====== Supplied entries ======

Section SimpleGraph.
Hypotheses (e_sym : symmetric e) (e_irr : irreflexive e).

Lemma recolour_col phi y d : col phi -> free_colour phi y d -> col (recolour phi y d).
Proof.
move=> [cL ce] /free_colourP [dL _ nd]; split=> [u | u x eux]; rewrite /recolour.
  by case: eqP => [->|].
case: (eqVneq u y) => [uy|uy]; case: (eqVneq x y) => [xy|xy].
- by move: eux; rewrite uy xy e_irr.
- by rewrite eq_sym nd // -uy.
- by rewrite nd // e_sym -xy.
- exact: ce.
Qed.

Lemma reach_step (A : pred T) phi y d :
  A y -> col phi -> free_colour phi y d -> reach A phi (recolour phi y d) 1.
Proof.
move=> Ay cp fd; exists [:: (y, d)]; last by split=> // st; rewrite inE => /eqP ->.
by split; [case/free_colourP: fd | split; first exact: recolour_col].
Qed.

Hypothesis L_big : forall u, deg e u + 1 <= #|L u|.

(* The at most deg y neighbour colours cover the at least deg y colours of
   L y :\ phi y, so they are distinct and exactly fill it. *)
Lemma frozen_nbr_colours phi y : col phi -> frozen e L phi y ->
  (forall z, e y z -> phi z \in L y) /\
  (forall x z, e y x -> e y z -> phi x = phi z -> x = z).
Proof.
move=> cp fr; set N := [set x | e y x]; set S := L y :\ phi y.
have S_sub : S \subset phi @: N := frozen_cover fr.
have N_S : #|N| <= #|S|.
  by have := L_big y; rewrite /deg -/N (cardsD1 (phi y) (L y)) -/S (cp.1 y) add1n addn1.
have im_N : #|phi @: N| <= #|N| := leq_imset_card _ _.
have S_eq : S = phi @: N by apply/eqP; rewrite eqEcard S_sub (leq_trans im_N).
split=> [z eyz | x z eyx eyz].
  suff : phi z \in S by rewrite inE => /andP [].
  by rewrite S_eq; apply/imsetP; exists z; rewrite ?inE.
have /imset_injP inj : #|phi @: N| == #|N| by rewrite eqn_leq im_N -S_eq.
by apply: inj; rewrite ?inE.
Qed.

Lemma frozen_recolour_nbr phi y z d : col phi -> frozen e L phi y -> e y z ->
  d != phi z -> free_colour (recolour phi z d) y (phi z).
Proof.
move=> cp fr eyz dn; have [nbrL nbr_inj] := frozen_nbr_colours cp fr.
have yz : y != z by apply: contraTneq eyz => ->; rewrite e_irr.
apply/free_colourP; split; first exact: nbrL.
  by rewrite recolour_ne // eq_sym; apply: cp.2.
move=> x eyx; case: (eqVneq x z) => [->|xz]; first by rewrite recolour_id.
by rewrite recolour_ne //; apply: contra_neq (nbr_inj _ _ eyx eyz) xz.
Qed.

Lemma reach_unfrozen_along_path q0 q : (forall phi, unfrozen e L phi q0) -> path e q0 q ->
  forall phi, col phi -> exists2 psi,
    reach [pred y | y \in belast q0 q] phi psi (size q) & unfrozen e L psi (last q0 q).
Proof.
move=> q0_unf; elim/last_ind: q => [|q z IH] /=.
  by move=> _ phi _; exists phi; [exact: reach_refl | exact: q0_unf].
rewrite rcons_path last_rcons belast_rcons size_rcons => /andP [q_path yz] phi cp.
have [psi psi_reach y_unf] := IH q_path phi cp.
have psi_col := reach_col cp psi_reach.
have grow : {subset [pred y | y \in belast q0 q] <= [pred y | y \in q0 :: q]}.
  by move=> y /mem_belast.
have [/unfrozenP z_unf | /frozenP z_fr] := boolP (has_free_colour psi z).
  by exists psi => //; apply: reach_mono psi_reach _ _.
set y := last q0 q in y_unf yz *.
move/unfrozenP/existsP: y_unf => [d fd].
exists (recolour psi y d).
  rewrite -addn1; apply: reach_trans (reach_mono psi_reach grow (leqnn _)) _.
  by apply: reach_step psi_col fd; rewrite /= mem_last.
apply: free_unfrozen (frozen_recolour_nbr psi_col z_fr _ _); first by rewrite e_sym.
by case/free_colourP: fd.
Qed.

Section ColouredNeighbours.
Variables (w : T) (c : C).

Definition coloured_nbrs phi := [set y | e w y && (phi y == c)].
Local Notation N := coloured_nbrs.
Local Notation Nw phi := [pred y | (y \in N phi) || (y == w)].

Lemma coloured_nbrs_eq phi psi : (forall y, e w y -> psi y = phi y) -> N psi = N phi.
Proof.
by move=> eq_nbrs; apply/setP => y; rewrite !inE; case: (boolP (e w y)) => //= /eq_nbrs ->.
Qed.

Lemma reach_clear_nbrs phi : col phi -> exists2 psi,
  reach [pred y | y \in N phi] phi psi (#|N phi| - #|N psi|) &
  {subset N psi <= N phi} /\ forall y, y \in N psi -> frozen e L phi y /\ frozen e L psi y.
Proof.
have [n] := ubnP #|N phi|; elim: n phi => // n IH phi lt_n cp.
case: (pickP [pred y | (y \in N phi) && has_free_colour phi y]) => [y | all_frozen].
  move=> /andP [y_N /existsP [d fd]].
  set phi1 := recolour phi y d.
  have phi_y : phi y = c by move: y_N; rewrite inE => /andP [_ /eqP].
  have N1_sub z : z \in N phi1 -> z != y /\ z \in N phi.
    rewrite !inE /phi1 /recolour; case: (eqVneq z y) => [->|//].
    by case/free_colourP: fd => _ dn _ /andP [_ /eqP dc]; rewrite dc phi_y eqxx in dn.
  have lt_N1 : #|N phi1| < #|N phi|.
    rewrite (cardsD1 y (N phi)) y_N add1n ltnS subset_leq_card //.
    by apply/subsetP => z /N1_sub [zy z_N]; rewrite in_setD1 zy.
  have [|psi psi_reach [psi_sub psi_fr]] := IH phi1 _ (recolour_col cp fd); first lia.
  have le_psi : #|N psi| <= #|N phi1| by apply: subset_leq_card; apply/subsetP.
  exists psi.
    have step := reach_step (A := [pred z | z \in N phi]) y_N cp fd.
    have psi_reach' : reach [pred z | z \in N phi] phi1 psi (#|N phi1| - #|N psi|).
      by apply: (reach_mono psi_reach) => // z /N1_sub [].
    by apply: (reach_mono (reach_trans step psi_reach')) => //; lia.
  split=> [z /psi_sub /N1_sub [] // | z z_psi].
  have [zy z_N] := N1_sub z (psi_sub z z_psi); have [fr1 fr_psi] := psi_fr z z_psi.
  have nezy : ~~ e z y.
    by apply: (col_same_colour_nonadj cp); move: z_N; rewrite inE phi_y => /andP [_ /eqP].
  by split=> //; apply/(frozen_recolour_far _ d zy nezy).
have all_fr y : y \in N phi -> frozen e L phi y.
  by move=> y_N; apply/frozenP/negbT; move: (all_frozen y); rewrite /= y_N.
by exists phi; [rewrite subnn; apply: reach_refl | split=> // y /all_fr].
Qed.

Lemma coloured_nbrs_recolour_w phi d : N (recolour phi w d) = N phi.
Proof.
apply: coloured_nbrs_eq => y ewy; rewrite recolour_ne //.
by apply: contraTneq ewy => ->; rewrite e_irr.
Qed.

Hypothesis c_in : c \in L w.

Lemma reach_colour_w_unfrozen_nbrs phi : col phi -> c != phi w ->
  (forall y, y \in N phi -> unfrozen e L phi y) ->
  exists2 psi, reach (Nw phi) phi psi (#|N phi| + 1) & psi w = c.
Proof.
move=> cp cw N_unf.
have [phi1 R1 [N1_sub N1_fr]] := reach_clear_nbrs cp.
have phi1_w : phi1 w = phi w by apply: (reach_agree R1); rewrite /= inE e_irr.
have fc : free_colour phi1 w c.
  apply/free_colourP; split; rewrite ?phi1_w // => y ewy; apply/negP => /eqP phi1_y.
  have y_N1 : y \in N phi1 by rewrite inE ewy phi1_y eqxx.
  by have [fr _] := N1_fr y y_N1; apply: N_unf fr; apply: N1_sub.
exists (recolour phi1 w c); last exact: recolour_id.
have R1' : reach (Nw phi) phi phi1 #|N phi|.
  by apply: (reach_mono R1 _ (leq_subr _ _)) => y; rewrite !inE => ->.
by apply: reach_trans R1' (reach_step _ (reach_col cp R1) fc); rewrite /= eqxx orbT.
Qed.

Lemma reach_colour_w_frozen_nbrs phi x : col phi -> c != phi w -> unfrozen e L phi w ->
  (forall y, y \in N phi -> frozen e L phi y) -> x \in N phi ->
  exists2 psi, reach (Nw phi) phi psi (#|N phi| + 2) & psi w = c.
Proof.
move=> cp cw /unfrozenP/existsP [d fd] N_fr x_N.
have [_ dw d_nbrs] := elimT (free_colourP _ _ _) fd.
have dc : d != c by move: x_N; rewrite inE => /andP [ewx /eqP <-]; rewrite eq_sym d_nbrs.
set phi1 := recolour phi w d.
have N1 : N phi1 = N phi := coloured_nbrs_recolour_w phi d.
have N1_unf y : y \in N phi1 -> unfrozen e L phi1 y.
  rewrite N1 => y_N; apply: free_unfrozen (frozen_recolour_nbr cp (N_fr y y_N) _ dw).
  by move: y_N; rewrite inE e_sym => /andP [].
have cw1 : c != phi1 w by rewrite /phi1 recolour_id eq_sym.
have [psi R psi_w] := reach_colour_w_unfrozen_nbrs (recolour_col cp fd) cw1 N1_unf.
exists psi => //; rewrite N1 in R.
have step := reach_step (A := Nw phi) (introT orP (or_intror (eqxx w))) cp fd.
by apply: (reach_mono (reach_trans step R)) => //; rewrite addnC -addnA.
Qed.

Lemma reach_colour_w phi : col phi -> c != phi w ->
  (forall y, y \in N phi -> unfrozen e L phi y) \/
  (unfrozen e L phi w /\ forall y, y \in N phi -> frozen e L phi y) ->
  exists2 psi, reach (Nw phi) phi psi (#|N phi| + 2) & psi w = c.
Proof.
move=> cp cw N_cases.
have [N_unf | [x [w_unf N_fr x_N]]] : (forall y, y \in N phi -> unfrozen e L phi y) \/
    exists x, [/\ unfrozen e L phi w, forall y, y \in N phi -> frozen e L phi y & x \in N phi].
  case: N_cases => [|[w_unf N_fr]]; first by left.
  have [N0 | [x x_N]] := set_0Vmem (N phi); last by right; exists x.
  by left => y; rewrite N0 inE.
  have [psi R psi_w] := reach_colour_w_unfrozen_nbrs cp cw N_unf.
  by exists psi => //; apply: (reach_mono R) => //; rewrite leq_add2l.
exact: reach_colour_w_frozen_nbrs x_N.
Qed.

======

Work instruction =
Search the entries for the word "Hypothesis". Copy every line where it occurs.

Your solution =
Hypothesis L_big : forall u, deg e u + 1 <= #|L u|.
Hypothesis c_in : c \in L w.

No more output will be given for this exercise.